How to complete this task
Copy each entry as written.

Records for processing
Lemma common_ancestor_trek t p q :
  path d t p -> path d t q -> trek d (last t p) (last t q).
Proof.
have [n] := ubnP (size p + size q); elim: n => // n IHn in t p q *.
(* Paths that meet restart from the meeting point; disjoint ones glue into the trek
   last t p <- ... <- t -> ... -> last t q. *)
move=> lt_pq dp dq; case common: (has (mem q) p).
  case/hasP: common => z /splitPr [p1 p2] /splitPr [q1 q2] in lt_pq dp dq *.
  move: lt_pq dp dq; rewrite !size_cat !cat_path !last_cat /=.
  move=> lt_pq /and3P [_ _ dp2] /and3P [_ _ dq2].
  by apply: IHn dp2 dq2; lia.
have last_r : last (last t p) (rev (belast t p)) = t by exact: last_rev_belast.
exists (rev (belast t p) ++ q); split.
- rewrite cat_path rev_path last_r; apply/andP; split.
    by apply: sub_path dp => a b dba; rewrite /adj dba orbT.
  by apply: sub_path dq => a b dab; rewrite /adj dab.
- by rewrite last_cat last_r.
- rewrite -cat_cons -rev_rcons -lastI cat_uniq rev_uniq dag_path_uniq //=.
  have := dag_path_uniq dq; rewrite cons_uniq => /andP [tq ->]; rewrite andbT.
  apply/hasPn => x xq; rewrite mem_rev inE negb_or; apply/andP; split.
    by apply: contraNneq tq => <-.
  by apply: contraFN common => xp; apply/hasP; exists x.
- apply: collider_freeP; apply: collider_free_rev_cat; first by rewrite rev_path.
  by rewrite last_r.
Qed.

Lemma trek_common_source v w :
  trek d v w <-> exists s, [/\ source s, connect d s v & connect d s w].
Proof.
split.
  case/trek_common_ancestor => t dtv dtw.
  have [s src_s dst] := exists_source_ancestor t.
  by exists s; split=> //; apply: connect_trans dst _.
case=> s [_ /connectP [p dp ->] /connectP [q dq ->]].
exact: common_ancestor_trek.
Qed.

Lemma connect_source x s : source s -> connect d x s -> x = s.
Proof.
move=> /forallP src_s /connectP [[//|y p] dp /= s_last].
move: dp; rewrite lastI rcons_path -s_last => /andP [_ dlast].
by have := src_s (last x (belast y p)); rewrite dlast.
Qed.

Definition source_ancestors v : {set T} := [set s | source s & connect d s v].

Lemma udg_source_ancestors v w :
  udg d v w <-> v != w /\ exists s, s \in source_ancestors v /\ s \in source_ancestors w.
Proof.
split=> -[vw common]; split=> //.
  case/trek_common_source: common => s [src_s dsv dsw].
  by exists s; rewrite !inE src_s dsv dsw.
case: common => s []; rewrite !inE => /andP [src_s dsv] /andP [_ dsw].
by apply/trek_common_source; exists s.
Qed.

Lemma source_ancestors_source v s :
  s \in source_ancestors v -> source_ancestors s = [set s].
Proof.
rewrite inE => /andP [src_s _]; apply/setP => x; rewrite !inE.
apply/andP/eqP => [[_ /(connect_source src_s)] //|->].
by rewrite src_s connect0.
Qed.

Lemma source_ancestors_nonempty v : exists s, s \in source_ancestors v.
Proof.
by have [s src_s dsv] := exists_source_ancestor v; exists s; rewrite inE src_s.
Qed.

End DAG.

Section ProperLex.

Variables (T : finType) (A : T -> {set T}) (n : nat).

Definition proper_lex (k : T -> 'I_n) : rel T :=
  fun a b => (A a \proper A b) || (A a == A b) && (k a < k b).

Lemma proper_lex_subset k a b : proper_lex k a b -> A a \subset A b.
Proof. by case/orP => [/properP [] | /andP [/eqP -> _]]. Qed.

Lemma proper_lex_dag k : is_dag (proper_lex k).
Proof.
apply: (@dag_of_potential _ _ (fun v => #|A v| * n + k v)).
move=> a b /orP [/proper_card lt_ab | /andP [/eqP -> lt_k]]; last by rewrite ltn_add2l.
have := leq_mul lt_ab (leqnn n); have := ltn_ord (k a); lia.
Qed.

Lemma proper_lex_rev k a b :
  proper_lex k a b -> proper_lex (fun v => rev_ord (k v)) a b -> A a \proper A b.
Proof.
case/orP => // /andP [_ lt_k] /orP [//|/andP [_]] /=.
by have := ltn_ord (k b); lia.
Qed.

Solution to the exercise
Lemma common_ancestor_trek t p q :
  path d t p -> path d t q -> trek d (last t p) (last t q).
Proof.
have [n] := ubnP (size p + size q); elim: n => // n IHn in t p q *.
(* Paths that meet restart from the meeting point; disjoint ones glue into the trek
   last t p <- ... <- t -> ... -> last t q. *)
move=> lt_pq dp dq; case common: (has (mem q) p).
  case/hasP: common => z /splitPr [p1 p2] /splitPr [q1 q2] in lt_pq dp dq *.
  move: lt_pq dp dq; rewrite !size_cat !cat_path !last_cat /=.
  move=> lt_pq /and3P [_ _ dp2] /and3P [_ _ dq2].
  by apply: IHn dp2 dq2; lia.
have last_r : last (last t p) (rev (belast t p)) = t by exact: last_rev_belast.
exists (rev (belast t p) ++ q); split.
- rewrite cat_path rev_path last_r; apply/andP; split.
    by apply: sub_path dp => a b dba; rewrite /adj dba orbT.
  by apply: sub_path dq => a b dab; rewrite /adj dab.
- by rewrite last_cat last_r.
- rewrite -cat_cons -rev_rcons -lastI cat_uniq rev_uniq dag_path_uniq //=.
  have := dag_path_uniq dq; rewrite cons_uniq => /andP [tq ->]; rewrite andbT.
  apply/hasPn => x xq; rewrite mem_rev inE negb_or; apply/andP; split.
    by apply: contraNneq tq => <-.
  by apply: contraFN common => xp; apply/hasP; exists x.
- apply: collider_freeP; apply: collider_free_rev_cat; first by rewrite rev_path.
  by rewrite last_r.
Qed.

Lemma trek_common_source v w :
  trek d v w <-> exists s, [/\ source s, connect d s v & connect d s w].
Proof.
split.
  case/trek_common_ancestor => t dtv dtw.
  have [s src_s dst] := exists_source_ancestor t.
  by exists s; split=> //; apply: connect_trans dst _.
case=> s [_ /connectP [p dp ->] /connectP [q dq ->]].
exact: common_ancestor_trek.
Qed.

Lemma connect_source x s : source s -> connect d x s -> x = s.
Proof.
move=> /forallP src_s /connectP [[//|y p] dp /= s_last].
move: dp; rewrite lastI rcons_path -s_last => /andP [_ dlast].
by have := src_s (last x (belast y p)); rewrite dlast.
Qed.

Definition source_ancestors v : {set T} := [set s | source s & connect d s v].

Lemma udg_source_ancestors v w :
  udg d v w <-> v != w /\ exists s, s \in source_ancestors v /\ s \in source_ancestors w.
Proof.
split=> -[vw common]; split=> //.
  case/trek_common_source: common => s [src_s dsv dsw].
  by exists s; rewrite !inE src_s dsv dsw.
case: common => s []; rewrite !inE => /andP [src_s dsv] /andP [_ dsw].
by apply/trek_common_source; exists s.
Qed.

Lemma source_ancestors_source v s :
  s \in source_ancestors v -> source_ancestors s = [set s].
Proof.
rewrite inE => /andP [src_s _]; apply/setP => x; rewrite !inE.
apply/andP/eqP => [[_ /(connect_source src_s)] //|->].
by rewrite src_s connect0.
Qed.

Lemma source_ancestors_nonempty v : exists s, s \in source_ancestors v.
Proof.
by have [s src_s dsv] := exists_source_ancestor v; exists s; rewrite inE src_s.
Qed.

End DAG.

Section ProperLex.

Variables (T : finType) (A : T -> {set T}) (n : nat).

Definition proper_lex (k : T -> 'I_n) : rel T :=
  fun a b => (A a \proper A b) || (A a == A b) && (k a < k b).

Lemma proper_lex_subset k a b : proper_lex k a b -> A a \subset A b.
Proof. by case/orP => [/properP [] | /andP [/eqP -> _]]. Qed.

Lemma proper_lex_dag k : is_dag (proper_lex k).
Proof.
apply: (@dag_of_potential _ _ (fun v => #|A v| * n + k v)).
move=> a b /orP [/proper_card lt_ab | /andP [/eqP -> lt_k]]; last by rewrite ltn_add2l.
have := leq_mul lt_ab (leqnn n); have := ltn_ord (k a); lia.
Qed.

Lemma proper_lex_rev k a b :
  proper_lex k a b -> proper_lex (fun v => rev_ord (k v)) a b -> A a \proper A b.
Proof.
case/orP => // /andP [_ lt_k] /orP [//|/andP [_]] /=.
by have := ltn_ord (k b); lia.
Qed.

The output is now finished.